The article discusses the potential conflict of interest surrounding Adam P. Schleifer and his relationship with Regeneron Pharmaceuticals, a company in which his father, Leonard Schleifer, holds a significant stake as its Chairman and CEO. The issue arises from the sale of Regeneron shares to benefit Adam Schleifer’s trust, occurring shortly after the Justice Department filed a complaint against Regeneron for subsidizing credit card fees for distributors of its drug Eylea. This raises concerns about potential favoritism in regulatory decisions regarding the company. Additionally, Adam Schleifer’s decision not to join a pledge made by other Democratic primary candidates to divest from pharmaceutical stock further adds to the perceived conflict. The article also mentions that Schleifer’s opponent accused him of using his inheritance from Regeneron to buy his way into the election through significant self-funding. These events and accusations highlight the potential ethical dilemmas and conflicts of interest associated with Adam Schleifer’s involvement with Regeneron.

Regeneron was recently involved in a legal dispute regarding alleged unethical business practices. In 2021, a lawsuit was filed against the company and its executives, including Leonard Schleifer, accusing them of receiving over $650 million in stock sales through fake donations to the Chronic Disease Fund (CDF). The CDF, which was intended to help patients with medical costs, is accused of being a ‘sham’ charity used by Regeneron to influence prescriptions for their drug Elyea. Massachusetts US Attorney Andrew Lelling labeled Regeneron’s actions as ‘kickbacks’ and claimed that senior executives tried to conceal their tracks. The lawsuit further alleges that the CDF was not independent and that the money funneled through it was used to cover costs for patients and doctors, pushing them to use Eylea over other drugs, including the cheaper Avastin. This practice allegedly increased Regeneron’s total revenues by taking advantage of Medicare payments, which were higher for Eylea than for Avastin. The lawsuit was brought by a Regeneron shareholder, Donald Ball, who accused the company of prioritizing profits over patient well-being.
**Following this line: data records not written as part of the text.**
(* For the g-cell structure $\{(G_i,r_i),g_i^{i+1}\}_{i\in\mathbb{N}}$ constructed below, the quotient space $G^\ast=G_\infty/r$ is not regular: the point $\pi(\bar a)$, where $\bar a=(a_1,a_2,\dots)$, and the closed set $\pi(\{(b_1^k,b_2^k,\dots):k\in\mathbb{N}\})$, which does not contain $\pi(\bar a)$, cannot be separated by disjoint open sets. In particular, there exist spaces admitting a g-cell structure (with all $G_i$ discrete) which are not regular.
   Context: Construction. Let $L_1=0$ and $L_{i+1}=L_i+i$. All sets are discrete and all named elements distinct. $G_1=\{a_1\}\cup\{b_1^k:k\in\mathbb{N}\}$. For $i\ge2$, with $C^i_k=\{c^1_{i,k},c^2_{i,k}\}$ for $1\le k\le L_i$, $G_i=\{a_i\}\cup\{b_i^k:k\in\mathbb{N}\}\cup\bigcup_{k=1}^{L_i}C^i_k\cup\{d_i^k:k\in\mathbb{N}\}$. $r_i$ is the union of $\Delta_{G_i}$ with $\{(a_i,b_i^k),(b_i^k,a_i):k\ge i\}$, $\{(b_i^k,b_i^n):k,n\ge i\}$, $\{(a,b):a,b\in C^i_k,\ 1\le k\le L_i\}$ and $\{(d_i^{(i-1)j+k},b_i^k),(b_i^k,d_i^{(i-1)j+k}):1\le k<i,\ j\ge0\}$. The map $g_i^{i+1}:G_{i+1}\to G_i$: $a_{i+1}\mapsto a_i$; $b_{i+1}^k\mapsto b_i^k$; $c^1_{i+1,1}\mapsto a_i$; $c^2_{i+1,1}\mapsto b_i^i$; $c^\rho_{i+1,k}\mapsto c^\rho_{i,k-1}$ ($\rho=1,2$, $2\le k\le L_i+1$); $c^1_{i+1,k}\mapsto d_i^{k-(L_i+1)}$ and $c^2_{i+1,k}\mapsto b_i^{k-(L_i+1)}$ ($L_i+2\le k\le L_{i+1}$); $d_{i+1}^k\mapsto d_i^{(i-1)(j+1)+n}$ if $k=ij+n$, $0<n<i$, $j\ge0$; $d_{i+1}^k\mapsto a_i$ if $k=ij$, $j\ge1$. $G_\infty=\{(x_n)\in\prod G_n:g_i^{i+1}(x_{i+1})=x_i\ \forall i\}$ with the product topology; the natural relation $r=\{(\bar x,\bar y)\in G_\infty^2:(x_n,y_n)\in r_n\ \forall n\}$ is an equivalence relation (this sequence is a g-cell structure); $G^\ast=G_\infty/r$ has the quotient topology and $\pi:G_\infty\to G^\ast$ is the quotient map. A space admits a g-cell structure if it is homeomorphic to $G^\ast$ for some inverse sequence of cellular graphs (pairs of a nonempty space and a reflexive symmetric relation, with continuous edge-preserving bonding maps) whose natural relation is an equivalence relation. Regular means: every point and closed set not containing it have disjoint open neighbourhoods. *)

From Stdlib Require Import Arith Lia.

(* L_1 = 0, L_{i+1} = L_i + i  (L_0 is a dummy value) *)
Fixpoint L (i : nat) : nat :=
  match i with
  | 0 => 0
  | 1 => 0
  | S (S _ as p) => L p + p
  end.

(* Names of elements: a, b^k, c^rho_k (rho = true for 1, false for 2), d^k.
   The element x of G_i is named with the same constructor for every i. *)
Inductive elt : Type :=
| A : elt
| B : nat -> elt
| C : bool -> nat -> elt
| D : nat -> elt.

Definition inG (i : nat) (e : elt) : Prop :=
  1 <= i /\
  match e with
  | A => True
  | B k => 1 <= k
  | C _ k => 2 <= i /\ 1 <= k <= L i
  | D k => 2 <= i /\ 1 <= k
  end.

Definition r (i : nat) (x y : elt) : Prop :=
  inG i x /\ inG i y /\
  ( x = y
  \/ (exists k, i <= k /\ ((x = A /\ y = B k) \/ (x = B k /\ y = A)))
  \/ (exists k n, i <= k /\ i <= n /\ x = B k /\ y = B n)
  \/ (exists k rho rho', 1 <= k <= L i /\ x = C rho k /\ y = C rho' k)
  \/ (exists k j, 1 <= k < i /\
        ((x = D ((i - 1) * j + k) /\ y = B k) \/
         (x = B k /\ y = D ((i - 1) * j + k))))).

Definition g (i : nat) (e : elt) : elt :=
  match e with
  | A => A
  | B k => B k
  | C rho k =>
      if k =? 1 then (if rho then A else B i)
      else if k <=? L i + 1 then C rho (k - 1)
      else (if rho then D (k - (L i + 1)) else B (k - (L i + 1)))
  | D k =>
      if k mod i =? 0 then A
      else D ((i - 1) * (k / i + 1) + k mod i)
  end.

(* G_infty.  A point is coded by x : nat -> elt with  x n = x_{n+1}
   (coordinate n+1), so that indices start at 1 as in the paper. *)
Definition is_thread (x : nat -> elt) : Prop :=
  forall n, inG (S n) (x n) /\ g (S n) (x (S n)) = x n.

Definition Ginf : Type := { x : nat -> elt | is_thread x }.

Definition coord (x : Ginf) (n : nat) : elt := proj1_sig x n.

(* product topology of the discrete spaces G_n, restricted to G_infty:
   U is open iff each point of U has a basic cylinder neighbourhood
   (fixing finitely many coordinates, wlog the first n) inside U *)
Definition open_inf (U : Ginf -> Prop) : Prop :=
  forall x, U x -> exists n, forall y : Ginf,
      (forall m, m < n -> coord y m = coord x m) -> U y.

Definition rinf (x y : Ginf) : Prop := forall n, r (S n) (coord x n) (coord y n).

Definition rclass (x : Ginf) : Ginf -> Prop := fun y => rinf x y.

Definition Gstar : Type := { S : Ginf -> Prop | exists x, S = rclass x }.

Definition pi (x : Ginf) : Gstar := exist _ (rclass x) (ex_intro _ x eq_refl).

Definition open_star (V : Gstar -> Prop) : Prop := open_inf (fun x => V (pi x)).
Definition closed_star (F : Gstar -> Prop) : Prop := open_star (fun p => ~ F p).

Definition regular_star : Prop :=
  forall (p : Gstar) (F : Gstar -> Prop), closed_star F -> ~ F p ->
    exists U V : Gstar -> Prop, open_star U /\ open_star V /\ U p /\
      (forall q, F q -> V q) /\ (forall q, U q -> V q -> False).

Lemma abar_thread : is_thread (fun _ => A).
Proof. intro n; split; [split; [lia | exact I] | reflexivity]. Qed.
Definition abar : Ginf := exist _ (fun _ => A) abar_thread.

(* the points (b_1^k, b_2^k, ...), k >= 1, indexed by k-1 *)
Lemma bseq_thread (k : nat) : is_thread (fun _ => B (S k)).
Proof. intro n; split; [split; [lia | simpl; lia] | reflexivity]. Qed.
Definition bseq (k : nat) : Ginf := exist _ (fun _ => B (S k)) (bseq_thread k).

Definition Bset : Gstar -> Prop := fun p => exists k, p = pi (bseq k).

(* The key fact about threads
   is that a d-element attached to b^k (d^{mj+k}) has its multiplier j
   increased by one at each step down, so no thread can consist of such
   elements forever (no_D_ray); consequently a thread r-related to b^k at all
   high coordinates is b^k there (B_ray_absorbs).  This yields transitivity of
   the natural relation r, and shows that the r-class of the constant thread
   b^k is a singleton, whence pi(B) is closed and misses pi(a-bar).
   Non-separation: for every n, N the two threads through a suitable cell
   c^1, c^2 high up are r-related, the first projecting down to a d-element
   and then to a on the first n coordinates, the second to b^{n+1} on the
   first N coordinates (abar_bseq_linked).  So every basic neighbourhood of
   a-bar meets the r-saturation of every basic neighbourhood of b^{n+1}. *)

From Stdlib Require Import Arith Lia ProofIrrelevance FunctionalExtensionality
  PropExtensionality Classical.

Lemma L_S i : 1 <= i -> L (S i) = L i + i.
Proof. destruct i as [|[|i]]; [lia | reflexivity | reflexivity]. Qed.

(* L grows by at least one per level: it bounds the C-indices of the
   threads built in the non-separation argument. *)
Lemma L_grows a b : 1 <= a <= b -> L a + (b - a) <= L b.
Proof.
  intros [Ha Hab]. induction b as [|b IH]; [lia|].
  destruct (Nat.eq_dec a (S b)) as [->|Hne]; [lia|].
  rewrite L_S by lia. specialize (IH ltac:(lia)). lia.
Qed.

Lemma divmod_of_decomposition m a k :
  k < m -> (m * a + k) mod m = k /\ (m * a + k) / m = a.
Proof.
  intros H. split.
  - symmetry. apply (Nat.mod_unique _ _ a); lia.
  - symmetry. apply (Nat.div_unique _ _ _ k); lia.
Qed.

Lemma g_D_shift m a k :
  1 <= k <= m -> g (S m) (D (S m * a + k)) = D (m * (a + 1) + k).
Proof.
  intros Hk. unfold g. destruct (divmod_of_decomposition (S m) a k ltac:(lia)) as [Emod Ediv].
  rewrite Emod, Ediv. destruct (Nat.eqb_spec k 0); [lia|].
  do 2 f_equal. lia.
Qed.

Lemma g_D_multiple m a : g (S m) (D (S m * a + S m)) = A.
Proof.
  unfold g. replace (S m * a + S m) with (S m * (a + 1) + 0) by lia.
  now rewrite (proj1 (divmod_of_decomposition (S m) (a + 1) 0 ltac:(lia))).
Qed.

Lemma g_C_shift i rho idx : 1 < idx <= L i + 1 -> g i (C rho idx) = C rho (idx - 1).
Proof.
  intros H. unfold g.
  destruct (Nat.eqb_spec idx 1); [lia|].
  destruct (Nat.leb_spec idx (L i + 1)); [reflexivity | lia].
Qed.

Lemma g_C_top i rho idx :
  L i + 1 < idx -> g i (C rho idx) = if rho then D (idx - (L i + 1)) else B (idx - (L i + 1)).
Proof.
  intros H. unfold g.
  destruct (Nat.eqb_spec idx 1); [lia|].
  destruct (Nat.leb_spec idx (L i + 1)); [lia | reflexivity].
Qed.

Lemma g_preimage_B m e k :
  k <= m -> g (S m) e = B k -> e = B k \/ exists idx, e = C false idx.
Proof.
  intros Hk He. destruct e as [|k'|[|] idx|d]; unfold g in He.
  - discriminate.
  - now left.
  - destruct (idx =? 1); [discriminate|]. destruct (idx <=? L (S m) + 1); discriminate.
  - right. now exists idx.
  - destruct (d mod S m =? 0); discriminate.
Qed.

Lemma g_inG i e : 1 <= i -> inG (S i) e -> inG i (g i e).
Proof.
  intros Hi He. destruct e as [|k|rho k|k]; unfold inG in *; unfold g.
  - split; auto.
  - tauto.
  - destruct He as [_ [_ Hk]].
    destruct (Nat.eqb_spec k 1); [destruct rho; simpl; lia|].
    assert (2 <= i) by (destruct (Nat.eq_dec i 1) as [->|]; [simpl in Hk; lia | lia]).
    rewrite L_S in Hk by lia.
    destruct (Nat.leb_spec k (L i + 1)); [|destruct rho]; simpl; lia.
  - destruct He as [_ [_ Hk]].
    destruct (Nat.eqb_spec (k mod i) 0); [split; auto|].
    assert (2 <= i) by (destruct (Nat.eq_dec i 1) as [->|]; [rewrite Nat.mod_1_r in *; lia | lia]).
    pose proof (Nat.mod_upper_bound k i ltac:(lia)). lia.
Qed.

Ltac destruct_r H :=
  destruct H as (?Hx & ?Hy & [?E
    | [[?k [?Hk [[?E1 ?E2]|[?E1 ?E2]]]]
    | [[?k [?n [?Hk [?Hn [?E1 ?E2]]]]]
    | [[?k [?rho [?rho' [?Hk [?E1 ?E2]]]]]
    | [?k [?j [?Hk [[?E1 ?E2]|[?E1 ?E2]]]]]]]]]).

Ltac solve_edge :=
  first [ left; reflexivity
  | right; left; eexists; split;
      [| first [left; split; reflexivity | right; split; reflexivity]]; lia
  | right; right; left; do 2 eexists; split; [|split; [|split; reflexivity]]; lia
  | right; right; right; left; do 3 eexists; split; [|split; reflexivity]; lia
  | right; right; right; right; do 2 eexists; split;
      [| first [left; split; reflexivity | right; split; reflexivity]]; lia ].

Lemma r_refl i x : inG i x -> r i x x.
Proof. intro H. split; [|split]; auto. Qed.

Lemma r_sym i x y : r i x y -> r i y x.
Proof. intro H. destruct_r H; subst; (split; [assumption | split; [assumption|]]); solve_edge. Qed.

Lemma D_attach_unique m j j' k k' :
  1 <= k <= m -> 1 <= k' <= m -> m * j + k = m * j' + k' -> k = k'.
Proof.
  intros Hk Hk' E. destruct (Nat.lt_total j j') as [Hl|[->|Hl]]; [| lia |].
  - replace j' with (j + 1 + (j' - j - 1)) in E by lia. nia.
  - replace j with (j' + 1 + (j - j' - 1)) in E by lia. nia.
Qed.

(* r_i is transitive except through a path d -- b^k -- d', which is
   exactly why the natural relation on G_infty needs an argument. *)
Lemma r_trans_except i x y z : r i x y -> r i y z ->
  r i x z \/ exists k j1 j2, x = D ((i - 1) * j1 + k) /\ y = B k /\
                             z = D ((i - 1) * j2 + k) /\ 1 <= k < i.
Proof.
  intros H1 H2. destruct_r H1; destruct_r H2; subst; try discriminate;
  repeat match goal with
  | H : B _ = B _ |- _ => injection H as H; subst
  | H : D _ = D _ |- _ => injection H as H
  | H : C _ _ = C _ _ |- _ => injection H as ?H ?H; subst
  | H : A = A |- _ => clear H
  end;
  try (exfalso; lia);
  first [ left; (split; [assumption | split; [assumption|]]); solve_edge
        | right; do 3 eexists; split; [reflexivity | split; [reflexivity | split; [reflexivity | lia]]]
        | idtac ].
  left. assert (k = k0) as <- by (apply (D_attach_unique (i - 1) j j0); lia).
  now apply r_refl.
Qed.

Lemma r_B_right m X k : k <= m -> r (S m) X (B k) -> X = B k \/ exists j, X = D (m * j + k).
Proof.
  intros Hk H. destruct_r H; subst; try discriminate;
  repeat match goal with H : B _ = B _ |- _ => injection H as H; subst end;
  try (exfalso; lia).
  - now left.
  - right. exists j. do 2 f_equal. lia.
Qed.

Lemma r_C_right i X rho idx : r i X (C rho idx) -> exists rho', X = C rho' idx.
Proof.
  intros H. destruct_r H; subst; try discriminate; [eauto|].
  injection E2 as <- <-. eauto.
Qed.

Lemma g_DB_edge i j k : 1 <= i -> 1 <= k <= i -> r i (g i (D (i * j + k))) (B k).
Proof.
  intros Hi Hk. destruct i as [|m]; [lia|].
  destruct (Nat.eq_dec k (S m)) as [->|Hne].
  - rewrite g_D_multiple. split; [|split]; [split; simpl; lia .. |].
    right; left. exists (S m). split; [lia | now left].
  - rewrite g_D_shift by lia. split; [|split]; [split; simpl; lia .. |].
    right; right; right; right. exists k, (j + 1). split; [lia|].
    left. split; [do 2 f_equal; lia | reflexivity].
Qed.

Lemma g_edge i x y : 1 <= i -> r (S i) x y -> r i (g i x) (g i y).
Proof.
  intros Hi H. destruct_r H; subst.
  6: replace (S i - 1) with i by lia; apply g_DB_edge; lia.
  6: replace (S i - 1) with i by lia; apply r_sym, g_DB_edge; lia.
  1: now apply r_refl, g_inG.
  all: pose proof (g_inG i _ Hi Hx); pose proof (g_inG i _ Hi Hy); cbn [g] in *;
       split; [assumption | split; [assumption|]]; try solve_edge.
  (* the cell C^{i+1}_k: its image is a cell, an edge a -- b^i, or an edge d -- b *)
  assert (i = 1 \/ 2 <= i) as [->|Hi2] by lia.
  - simpl in Hk. destruct (Nat.eqb_spec k 1); [|lia]. destruct rho, rho'; solve_edge.
  - rewrite L_S in Hk by lia.
    destruct (Nat.eqb_spec k 1); [destruct rho, rho'; solve_edge|].
    destruct (Nat.leb_spec k (L i + 1)); [solve_edge|].
    destruct rho, rho'; try solve_edge;
      right; right; right; right; exists (k - (L i + 1)), 0;
      (split; [lia | first [left; split; [f_equal; lia | reflexivity]
                           | right; split; [reflexivity | f_equal; lia]]]).
Qed.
A lawsuit filed by the US Department of Justice (DOJ) in 2020 accused Regeneron Pharmaceuticals, a US-based biotechnology company, and several of its executives of funneling kickbacks to a charitable foundation called the Community Development Foundation (CDF). The suit alleged that the company funneled tens of millions of dollars in illegal payments to the CDF, which was supposedly a charity that provided financial assistance to patients struggling to pay for Regeneron’s drugs. However, according to the DOJ, the real purpose of these payments was to influence doctors to prescribe Regeneron’s medications over competitors’ products. This scheme allegedly involved extensive cover-ups and deceptive practices by Regeneron’s senior executives to avoid detection. The company has denied these allegations, claiming that their donations to the CDF were lawful and charitable. The case is currently in legal limbo, with a status conference held in December 2023, where the judge expressed hope that the case would be resolved during his tenure, ‘God willing.’